◆ **Aim of the exercise**: Go through the entries below from the first line and transcribe each one exactly, ending with the line that contains "- 2%:R * (m%:R *+ 2".

Saved entries
>>>

(** * A recurrence for the diagonal binomial sum *)

Local Open Scope ring_scope.

(* [ifact z] is 1/z! extended by 0 to negative integers (that is, 1/Gamma(z+1)), so that
   [ifact_pred] holds for every integer [z]: this removes all boundary cases from the
   verification of the certificate below. *)
Section InverseFactorial.
Variable R : numFieldType.

Definition ifact (z : int) : R := if z is Posz n then n`!%:R^-1 else 0.

Lemma ifact_neg z : z < 0 -> ifact z = 0.
Proof. by case: z. Qed.

Lemma ifact_pred z : ifact (z - 1) = z%:~R * ifact z.
Proof.
case: z => [[|n]|n] /=; first by rewrite mul0r.
  by rewrite subSS subn0 factS natrM invfM mulrA pmulrn mulfV ?mul1r // pnatr_eq0.
by rewrite mulr0.
Qed.

Lemma bin_mul_bin_ifact n i k :
  ('C(n, i) * 'C(n - i, k))%:R = n`!%:R * ifact i * ifact k * ifact (n%:Z - i%:Z - k%:Z).
Proof.
have [i_le_n|n_lt_i] := leqP i n; last first.
  by rewrite bin_small // mul0n [ifact (_ - k%:Z)]ifact_neg ?mulr0 //; lia.
have [k_le|lt_k] := leqP k (n - i); last first.
  by rewrite (@bin_small (n - i)) // muln0 [ifact (_ - k%:Z)]ifact_neg ?mulr0 //; lia.
have -> : n%:Z - i%:Z - k%:Z = (n - i - k)%N by lia.
rewrite /= -[n`!](bin_fact i_le_n) -[(n - i)`!](bin_fact k_le) !natrM.
by field; rewrite !pnatr_eq0 -!lt0n !fact_gt0.
Qed.

Lemma ifact_nat (n : nat) : ifact n = n.+1%:R * ifact n.+1.
Proof. by rewrite -[in LHS](addrK 1 n%:Z) -PoszD addn1 ifact_pred pmulrn. Qed.

Lemma binom_term_ifact n j :
  ('C(n, j) * 'C(n.+1 - j, j + 1))%:R =
  n`!%:R * (n%:R + 1 - j%:R) * ifact j * ifact j.+1 * ifact (n%:Z - j%:Z - j%:Z).
Proof.
rewrite addn1 bin_subS // mulnDr natrD !bin_mul_bin_ifact.
have -> : n%:Z - j%:Z - j.+1%:Z = n%:Z - j%:Z - j%:Z - 1 by lia.
rewrite ifact_pred [ifact j]ifact_nat !rmorphB /= -!pmulrn.
ring.
Qed.

(* Zeilberger's certificate for the summand C(m,j) C(m+1-j,j+1) of [binom_sum 1 m.+1 m]. *)
Definition binom_cert (m j : nat) : R :=
  - 2%:R * (m%:R *+ 2 + 5%:R - j%:R *+ 2) * (m.+1)`!%:R
  * ifact (j%:Z - 1) * ifact j * ifact (m%:Z + 2 - j%:Z - j%:Z).

Lemma binom_term_rec m j :
  (m + 3)%:R * ('C(m.+2, j) * 'C(m.+3 - j, j + 1))%:R
  - 2%:R * (m + 3)%:R * ('C(m.+1, j) * 'C(m.+2 - j, j + 1))%:R
  - 3%:R * (m + 1)%:R * ('C(m, j) * 'C(m.+1 - j, j + 1))%:R
  = binom_cert m j.+1 - binom_cert m j.
Proof.
rewrite !binom_term_ifact /binom_cert.
have -> : j.+1%:Z - 1 = j by lia.
rewrite ifact_pred [ifact j]ifact_nat.
set z := m%:Z + 2 - j%:Z - j%:Z.
have -> : m.+2%:Z - j%:Z - j%:Z = z by rewrite /z; lia.
have -> : m.+1%:Z - j%:Z - j%:Z = z - 1 by rewrite /z; lia.
have -> : m%:Z - j%:Z - j%:Z = z - 1 - 1 by rewrite /z; lia.
have -> : m%:Z + 2 - j.+1%:Z - j.+1%:Z = z - 1 - 1 by rewrite /z; lia.
have zE : z%:~R = m%:R + 2 - j%:R *+ 2 :> R by rewrite /z !intrB intrD -!pmulrn; ring.
rewrite !ifact_pred !factS !natrM [(z - 1)%:~R]intrB zE -!pmulrn; clearbody z.
ring.
Qed.

End InverseFactorial.

Lemma binom_sum_diag_widen n K : (n < K)%N ->
  binom_sum 1 n.+1 n = (\sum_(k < K) 'C(n, k) * 'C(n.+1 - k, k + 1))%N.
Proof.
move=> n_lt_K; rewrite /binom_sum.
rewrite (big_ord_widen K (fun k => 'C(n, k) * 'C(n.+1 - k, k + 1))%N) //.
by rewrite big_mkcond; apply: eq_bigr => k _; case: ltnP => // n_lt_k; rewrite bin_small.
Qed.

Lemma binom_sum_diag_rec m :
  ((m + 3) * binom_sum 1 m.+3 m.+2
   = 2 * (m + 3) * binom_sum 1 m.+2 m.+1 + 3 * (m + 1) * binom_sum 1 m.+1 m)%N.
Proof.
have telescoped : \sum_(j < m.+3) (binom_cert rat m j.+1 - binom_cert rat m j) = 0.
  rewrite -(big_mkord xpredT (fun j => binom_cert rat m j.+1 - binom_cert rat m j)).
  rewrite telescope_sumr // /binom_cert [ifact _ (m%:Z + 2 - _ - _)]ifact_neg; last by lia.
  by rewrite [ifact _ (0%:Z - 1)]ifact_neg ?mulr0 ?mul0r ?subrr.
rewrite -(eq_bigr _ (fun (j : 'I_m.+3) _ => binom_term_rec rat m j)) in telescoped.
rewrite !sumrB -!mulr_sumr in telescoped.
rewrite -!natr_sum -!binom_sum_diag_widen in telescoped; [|lia..].
apply/eqP; rewrite -(eqr_nat rat) natrD !natrM; apply/eqP.
by apply: subr0_eq; rewrite -{}telescoped; ring.
Qed.

(** * The generating function *)

Section DivisibilityByXn.
Variable R : fieldType.
Implicit Types p q : {poly R}.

<<<

◆ **Response to this task**:
(** * A recurrence for the diagonal binomial sum *)

Local Open Scope ring_scope.

(* [ifact z] is 1/z! extended by 0 to negative integers (that is, 1/Gamma(z+1)), so that
   [ifact_pred] holds for every integer [z]: this removes all boundary cases from the
   verification of the certificate below. *)
Section InverseFactorial.
Variable R : numFieldType.

Definition ifact (z : int) : R := if z is Posz n then n`!%:R^-1 else 0.

Lemma ifact_neg z : z < 0 -> ifact z = 0.
Proof. by case: z. Qed.

Lemma ifact_pred z : ifact (z - 1) = z%:~R * ifact z.
Proof.
case: z => [[|n]|n] /=; first by rewrite mul0r.
  by rewrite subSS subn0 factS natrM invfM mulrA pmulrn mulfV ?mul1r // pnatr_eq0.
by rewrite mulr0.
Qed.

Lemma bin_mul_bin_ifact n i k :
  ('C(n, i) * 'C(n - i, k))%:R = n`!%:R * ifact i * ifact k * ifact (n%:Z - i%:Z - k%:Z).
Proof.
have [i_le_n|n_lt_i] := leqP i n; last first.
  by rewrite bin_small // mul0n [ifact (_ - k%:Z)]ifact_neg ?mulr0 //; lia.
have [k_le|lt_k] := leqP k (n - i); last first.
  by rewrite (@bin_small (n - i)) // muln0 [ifact (_ - k%:Z)]ifact_neg ?mulr0 //; lia.
have -> : n%:Z - i%:Z - k%:Z = (n - i - k)%N by lia.
rewrite /= -[n`!](bin_fact i_le_n) -[(n - i)`!](bin_fact k_le) !natrM.
by field; rewrite !pnatr_eq0 -!lt0n !fact_gt0.
Qed.

Lemma ifact_nat (n : nat) : ifact n = n.+1%:R * ifact n.+1.
Proof. by rewrite -[in LHS](addrK 1 n%:Z) -PoszD addn1 ifact_pred pmulrn. Qed.

Lemma binom_term_ifact n j :
  ('C(n, j) * 'C(n.+1 - j, j + 1))%:R =
  n`!%:R * (n%:R + 1 - j%:R) * ifact j * ifact j.+1 * ifact (n%:Z - j%:Z - j%:Z).
Proof.
rewrite addn1 bin_subS // mulnDr natrD !bin_mul_bin_ifact.
have -> : n%:Z - j%:Z - j.+1%:Z = n%:Z - j%:Z - j%:Z - 1 by lia.
rewrite ifact_pred [ifact j]ifact_nat !rmorphB /= -!pmulrn.
ring.
Qed.

(* Zeilberger's certificate for the summand C(m,j) C(m+1-j,j+1) of [binom_sum 1 m.+1 m]. *)
Definition binom_cert (m j : nat) : R :=
  - 2%:R * (m%:R *+ 2 + 5%:R - j%:R *+ 2) * (m.+1)`!%:R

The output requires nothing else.